I am trying to make a thread test in which 4 threads are all trying to set a bool. Only one should be allowed to set it. After the first thread has set the bool (m_isRunning) to true, no other threads should set it to true because of the check isRunning().

This implementation works, but I wonder if this is the best/most efficient approach to this common situation.

#include
#include
#include

std::mutex mut;
bool m_running = false;

bool isRunning()
{
  return m_running;
}

void setRunning(bool running)
{
  m_running = running;
}

void func1(bool isSet)
{
  mut.lock();
  if(!isRunning())
  {
    setRunning(true);
  }
  mut.unlock();
}

int main()
{
  std::thread t1(func1,true);
  std::thread t2(func1,true);
  std::thread t3(func1,true);
  std::thread t4(func1,true);

  t1.join();
  t2.join();
  t3.join();
  t4.join();

  return 0;
}


Edit: Changed !isRunning to !isRunning() (typo)

Solution

In this case, you really just need an atomic variable, and you can do a compare_exchange_strong to set the value once:

#include 
#include 

std::atomic_bool m_running;
bool wrote[4];

void func1(int num) {
    bool f{ false };
    if (m_running.compare_exchange_strong(f, true))
        wrote[num] = true;
}

int main(){
    std::vector t;

    for (int i = 0; i < 4; i++)
        t.emplace_back(func1, i);

    for (auto &t1 : t)
        t1.join();

    for (bool b : wrote)
        std::cout << std::boolalpha << b << "\n";
}


Given that thread 1 starts running first, and it's not doing very much, chances are that the first thread will do the write to the variable virtually every time.

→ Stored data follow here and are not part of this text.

Definition procI_excluded st :=
  forall q, pr st <= q -> q < pr st + e -> ~~ (fGbar S v b st q < fG S v b st q)%N.

(* Procedure II sells at [p + e] but leaves the price variable at [p]; a
   Procedure I at a price in the window from [p] to [p + e] would undercut
   these sales, which is what [procI_excluded] rules out. *)
Definition sale_prices_bounded st := forall j i q, sold st j = Some (i, q) ->
  q <= pr st \/ (q <= pr st + e /\ procI_excluded st).

Definition sales_le_value st := forall j i q, sold st j = Some (i, q) -> q <= v i.

Definition liked_sales_served st := forall j' i' p' i,
  sold st j' = Some (i', p') -> j' \in S i -> p' < v i ->
  exists j q, sold st j = Some (i, q) /\ q <= p'.

Record step_effect st st' (P : R) : Prop := StepEffect {
  sold_kept : forall j, sold st j != None -> sold st' j = sold st j;
  new_sale_price : forall j i q, sold st j = None -> sold st' j = Some (i, q) -> q = P;
  new_sale_le_value : forall j i q, sold st j = None -> sold st' j = Some (i, q) -> q <= v i;
  new_sale_serves : forall j i k, sold st j = None -> sold st' j = Some (i, P) ->
    j \in S k -> P < v k -> paid st k = 0 -> exists j2, sold st' j2 = Some (k, P);
  old_sale_le : forall j i q, sold st j = Some (i, q) -> q <= P;
  rem_unsold_next : rem_unsold st';
  bounded_next : sale_prices_bounded st' }.

Definition auction_inv st :=
  [/\ rem_unsold st, sale_prices_bounded st, sales_le_value st & liked_sales_served st].

Lemma step_effect_inv st st' P : step_effect st st' P -> auction_inv st -> auction_inv st'.
Proof.
move=> [kept newP newv serves oldle unsold' bounded'] [_ _ lev served].
split=> //.
- move=> j i q h; case E: (sold st j) => [[i0 q0]|]; last exact: newv E h.
  by apply: (lev j); rewrite -h kept ?E.
- move=> j' i' p' i h jS pv; case E: (sold st j') => [[i0 q0]|].
    have h0 : sold st j' = Some (i', p') by rewrite -h kept ?E.
    have [j [q [hj hq]]] := served _ _ _ _ h0 jS pv.
    by exists j, q; rewrite kept ?hj.
  have p'P := newP _ _ _ E h; subst p'.
  have [[j0 [q0 hj0]]|none] := classic (exists j0 q0, sold st j0 = Some (i, q0)).
    by exists j0, q0; rewrite kept ?hj0 //; split=> //; apply: oldle hj0.
  have unpaid : paid st i = 0 by apply: paid_eq0 => j q hj; apply: none; exists j, q.
  have [j2 h2] := serves _ _ _ E h jS pv unpaid.
  by exists j2, P.
Qed.

Section ProcedureI.

Variables (st st' : state R I J) (p : R) (M MQ : {set I * J}).

Local Notation A := (Aset S v b st p).
Local Notation d := (dem S v b st p).
Local Notation N := (reaches_free S A (rem st) M).

Hypotheses (unsold : rem_unsold st) (maxM : maxbm S A (rem st) d M)
  (maxMQ : maxbm S (Qset S v b st p) (rem st :\: matched M) d MQ)
  (sold_M : forall i j, (i, j) \in M -> N i -> sold st' j = Some (i, p))
  (sold_MQ : forall i j, (i, j) \in MQ -> sold st' j = Some (i, p))
  (sold_same : forall j, (forall i, (i, j) \in M -> ~ N i) ->
                 (forall i, (i, j) \notin MQ) -> sold st' j = sold st j).

Lemma procI_sold_kept j : sold st j != None -> sold st' j = sold st j.
Proof.
move=> jsold; have jrem : j \notin rem st by apply: contra jsold => /unsold ->.
apply: sold_same => i.
  by move=> ijM; case/and3P: (bmatch_edge maxM.1 ijM) => _ /= jr; rewrite jr in jrem.
apply: contra jrem => ijMQ.
by case/and3P: (bmatch_edge maxMQ.1 ijMQ) => _ /setDP[].
Qed.

Lemma procI_new_sale j i q : sold st j = None -> sold st' j = Some (i, q) ->
  q = p /\ ((i, j) \in M /\ N i \/ (i, j) \in MQ).
Proof.
move=> hj hj'.
have [[i0 [i0M Ni0]]|notM] := classic (exists i0, (i0, j) \in M /\ N i0).
  by move: (sold_M i0M Ni0); rewrite hj' => -[-> ->]; split; last left.
have [/existsP[i0 i0Q]|notQ] := boolP [exists i0, (i0, j) \in MQ].
  by move: (sold_MQ i0Q); rewrite hj' => -[-> ->]; split; last right.
suff : sold st' j = sold st j by rewrite hj hj'.
apply: sold_same => i0 => [i0M Ni0|]; first by apply: notM; exists i0.
by apply: contra notQ => i0Q; apply/existsP; exists i0.
Qed.

Lemma procI_new_sale_le_value j i q :
  sold st j = None -> sold st' j = Some (i, q) -> q <= v i.
Proof.
move=> hj hj'; have [-> [[ijM _]|ijMQ]] := procI_new_sale hj hj'.
  by case/and3P: (bmatch_edge maxM.1 ijM) => /Aset_lt_value/ltW.
by case/and3P: (bmatch_edge maxMQ.1 ijMQ) => /Qset_value ->.
Qed.

Lemma procI_serves j i k :
  sold st j = None -> sold st' j = Some (i, p) -> j \in S k -> p < v k ->
  paid st k = 0 -> exists j2, sold st' j2 = Some (k, p).
Proof.
move=> hj hj' jS pk unpaid.
have dk : (0 < d k)%N.
  by apply: (dem_gt0 jS (ltW pk)); rewrite /bud unpaid subr0 (le_trans (ltW pk)).
have kA : k \in A by rewrite inE pk dk.
have [jrem jfree] : j \in rem st /\
    (j \notin matched M \/ exists2 i', (i', j) \in M & N i').
  case: (procI_new_sale hj hj') => _ [[ijM Ni] | ijMQ].
    by case/and3P: (bmatch_edge maxM.1 ijM) => _ jr _; split; last by right; exists i.
  by case/and3P: (bmatch_edge maxMQ.1 ijMQ) => _ /setDP[jr jm] _; split; last left.
have ekj : edge S A (rem st) (k, j) by rewrite /edge kA jrem jS.
have [j2 kj2M Nk] := maxbm_neighbour_reaches_free maxM ekj dk jfree.
by exists j2; apply: sold_M.
Qed.

End ProcedureI.

Lemma procI_effect st st' p :
  rem_unsold st -> sale_prices_bounded st -> pr st <= p ->
  procI S v b st p st' -> step_effect st st' p.
Proof.
move=> unsold bounded prp.
case=> critI [M [MQ [maxM _ maxMQ [sold_M sold_MQ sold_same] [rem' pr']]]].
have kept := procI_sold_kept unsold maxM maxMQ sold_same.
have new := procI_new_sale sold_M sold_MQ sold_same.
have oldle j i q : sold st j = Some (i, q) -> q <= p.
  case/bounded=> [qpr | [qpre excl]]; first exact: le_trans qpr prp.
  case: (leP (pr st + e) p) => [|ppre]; first exact: le_trans qpre.
  by move: (excl p prp ppre); rewrite critI.
split=> //.
- by move=> j i q hj hj'; case: (new _ _ _ hj hj').
- exact: procI_new_sale_le_value maxM maxMQ sold_M sold_MQ sold_same.
- exact: procI_serves maxM maxMQ sold_M sold_MQ sold_same.
- by move=> j; rewrite rem' inE => /andP[_ /eqP].
- move=> j i q h; left; rewrite pr'.
  case E: (sold st j) => [[i0 q0]|]; last by case: (new _ _ _ E h) => ->.
  by apply: (oldle j i); rewrite -h kept ?E.
Qed.

Section ProcedureII.

Variables (st st' : state R I J) (p : R) (M : {set I * J}).

Local Notation Ie := (Iset S v b st (p + e)).
Local Notation d := (dem S v b st (p + e)).
Local Notation N := (reaches_free S Ie (rem st) M).
Local Notation M' := [set x in M | x.2 \in rem st'].

Hypotheses (unsold : rem_unsold st) (maxM : maxbm S Ie (rem st) d M)
  (sold_N : forall i j, (i, j) \in M -> N i -> sold st' j = Some (i, p + e))
  (sold_same : forall j, (forall i, (i, j) \in M -> ~ N i) -> sold st' j = sold st j)
  (rem' : rem st' = [set j in rem st | [&& sold st' j == None, j \notin rem st :\: matched M &
                     [exists i, (j \in S i) && (0 < dem S v b st' (p + e) i)%N]]])
  (pr' : pr st' = p).

Lemma procII_sold_cases j : sold st' j = sold st j \/
  (sold st j = None /\ exists i, [/\ (i, j) \in M, N i & sold st' j = Some (i, p + e)]).
Proof.
have [[i [ijM Ni]]|notN] := classic (exists i, (i, j) \in M /\ N i).
  right; split; last by exists i; split=> //; apply: sold_N.
  by apply: unsold; case/and3P: (bmatch_edge maxM.1 ijM).
by left; apply: sold_same => i ijM Ni; apply: notN; exists i.
Qed.

Lemma procII_sold_kept j : sold st j != None -> sold st' j = sold st j.
Proof. by case: (procII_sold_cases j) => [|[->]]. Qed.

Lemma procII_new_sale j i q : sold st j = None -> sold st' j = Some (i, q) ->
  [/\ q = p + e, (i, j) \in M & N i].
Proof.
move=> hj hj'; case: (procII_sold_cases j) => [|[_ [i0 [i0M Ni0]]]]; first by rewrite hj hj'.
by rewrite hj' => -[-> ->].
Qed.

Lemma procII_new_sale_le_value j i q :
  sold st j = None -> sold st' j = Some (i, q) -> q <= v i.
Proof.
move=> hj hj'; have [-> ijM _] := procII_new_sale hj hj'.
by case/and3P: (bmatch_edge maxM.1 ijM) => /Iset_le_value.
Qed.

Lemma procII_serves j i k :
  sold st j = None -> sold st' j = Some (i, p + e) -> j \in S k -> p + e < v k ->
  paid st k = 0 -> exists j2, sold st' j2 = Some (k, p + e).
Proof.
move=> hj hj' jS pk unpaid.
have dk : (0 < d k)%N.
  by apply: (dem_gt0 jS (ltW pk)); rewrite /bud unpaid subr0 (le_trans (ltW pk)).
have kIe : k \in Ie by rewrite !inE pk dk.
have [_ ijM Ni] := procII_new_sale hj hj'.
have ekj : edge S Ie (rem st) (k, j).
  by case/and3P: (bmatch_edge maxM.1 ijM) => _ jrem _; rewrite /edge kIe jrem jS.
have jfree : j \notin matched M \/ exists2 i', (i', j) \in M & N i' by right; exists i.
have [j2 kj2M Nk] := maxbm_neighbour_reaches_free maxM ekj dk jfree.
by exists j2; apply: sold_N.
Qed.

Lemma procII_rem_unsold : rem_unsold st'.
Proof. by move=> j; rewrite rem' inE => /and4P[_ /eqP]. Qed.

Lemma procII_rem_buyer_unreached i j : (i, j) \in M -> j \in rem st' -> ~ N i.
Proof. by move=> ijM /procII_rem_unsold jfree /(sold_N ijM); rewrite jfree. Qed.

Lemma procII_rem_matched j : j \in rem st' -> exists2 i, (i, j) \in M & ~ N i.
Proof.
move=> jrem; have := jrem; rewrite rem' inE => /and4P[jrem0 _ jm _].
have /imsetP[[i j0] ijM /= jj0] : j \in matched M by move: jm; rewrite inE jrem0 andbT negbK.
by subst j0; exists i => //; apply: procII_rem_buyer_unreached jrem.
Qed.

Lemma procII_bud_kept k : ~ N k -> bud b st' k = bud b st k.
Proof.
move=> nNk; congr (_ - _); apply: paid_eq => j.
case: (procII_sold_cases j) => [|[hj [i [_ Ni ->]]]]; first by left.
right; split=> //; exists i, (p + e); split=> //.
by apply/eqP => ik; apply: nNk; rewrite -ik.
Qed.

Lemma procII_restrict_deg q k : q <= p + e ->
  (#|[set y in M' | y.1 == k]| <= dem S v b st' q k)%N.
Proof.
move=> qpe; have [->|/card_gt0P[y]] := posnP #|[set y in M' | y.1 == k]|; first by [].
rewrite !inE => /andP[/andP[yM yrem] /eqP yk].
have ykM : (k, y.2) \in M by rewrite -yk -surjective_pairing.
have nNk := procII_rem_buyer_unreached ykM yrem.
have [kIe _ _] := and3P (bmatch_edge maxM.1 ykM).
apply: leq_trans (dem_antimono (procII_bud_kept nNk) qpe (Iset_le_value kIe)).
case/bmatchP: maxM.1 => _ degM _; apply: leq_trans (degM k).
by apply/subset_leq_card/subsetP => x; rewrite !inE => /andP[/andP[-> _] ->].
Qed.

Lemma procII_restrict_bmatch q : q < p + e ->
  bmatch S (Aset S v b st' q) (rem st') (dem S v b st' q) M'.
Proof.
move=> qpe; case/bmatchP: maxM.1 => edgeM _ itemM.
apply/bmatchP; split; last 1 first.
- move=> j; apply: leq_trans (itemM j).
  by apply/subset_leq_card/subsetP => x; rewrite !inE => /andP[/andP[-> _] ->].
- move=> x; rewrite inE => /andP[xM xrem]; have /and3P[xIe _ xS] := edgeM x xM.
  rewrite /edge xrem xS inE (lt_le_trans qpe (Iset_le_value xIe)) /= andbT.
  apply: leq_trans (procII_restrict_deg x.1 (ltW qpe)).
  by apply/card_gt0P; exists x; rewrite !inE xM xrem eqxx.
- by move=> k; apply: procII_restrict_deg (ltW qpe).
Qed.

(* Right after Procedure II every remaining item is still matched by [M], to
   a buyer whose budget has not changed, so below [p + e] the matching [M']
   saturates all remaining items inside the smaller graph [Gbar]. *)
Lemma procII_excludes_procI : procI_excluded st'.
Proof.
move=> q; rewrite pr' => _ qpe; rewrite -leqNgt.
have bmM' := procII_restrict_bmatch qpe.
have matchedM' : matched M' = rem st'.
  apply/setP => j; apply/imsetP/idP => [[x] | jrem]; first by rewrite inE => /andP[_ ?] ->.
  by have [i ijM _] := procII_rem_matched jrem; exists (i, j); rewrite // inE ijM.
apply: leq_trans (msize_le_card _ _ _ _) _.
by rewrite -matchedM' (card_matched bmM'); apply: bmatch_le_msize.
Qed.

End ProcedureII.

Lemma procII_effect st st' p :
  rem_unsold st -> sale_prices_bounded st -> pr st <= p ->
  procII S v b e st p st' -> step_effect st st' (p + e).
Proof.
move=> unsold bounded prp [_ [M [maxM sold_N sold_same rem' pr']]].
have kept := procII_sold_kept unsold maxM sold_N sold_same.
have new := procII_new_sale unsold maxM sold_N sold_same.
have oldle j i q : sold st j = Some (i, q) -> q <= p + e.
  case/bounded=> [qpr | [qpre _]]; last by rewrite (le_trans qpre) ?lerD2r.
  by rewrite (le_trans qpr) // (le_trans prp) ?lerDl.
split=> //.
- by move=> j i q hj hj'; case: (new _ _ _ hj hj').
- exact: procII_new_sale_le_value unsold maxM sold_N sold_same.
- exact: procII_serves unsold maxM sold_N sold_same.
- exact: procII_rem_unsold rem'.
- move=> j i q h; right; rewrite pr'; split.
    case E: (sold st j) => [[i0 q0]|]; last by case: (new _ _ _ E h) => ->.
    by apply: (oldle j i); rewrite -h kept ?E.
  exact: procII_excludes_procI unsold maxM sold_N sold_same rem' pr'.
Qed.

Lemma step_inv st st' : step S v b e st st' -> auction_inv st -> auction_inv st'.
Proof.
move=> [_ [p [[prp _ _] procs]]] inv; have [unsold bounded _ _] := inv.
case: procs => [hI | hII]; apply: step_effect_inv inv.
  exact: procI_effect unsold bounded prp hI.
exact: procII_effect unsold bounded prp hII.
Qed.

Lemma run_inv st st' : run S v b e st st' -> auction_inv st -> auction_inv st'.
Proof. by elim=> // st1 st2 st3 /step_inv hstep _ IH /hstep. Qed.

Lemma init_inv : auction_inv (init R I J).
Proof. by []. Qed.

End Auction.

In case you're not familiar with it, atomic_bool is (obviously enough) an atomic Boolean type, and compare_exchange_strong does an atomic comparison and exchange. Specifically, it compares the current value to the first parameter, then if (and only if) they're equal, sets the value to the second parameter. The first parameter has to be passed by reference, because it also writes the new value to that variable. Finally, it returns true if and only if it actually wrote to the variable. In this case I've used that to record which thread actually wrote to the variable, so the final printout should show true once, and false three times.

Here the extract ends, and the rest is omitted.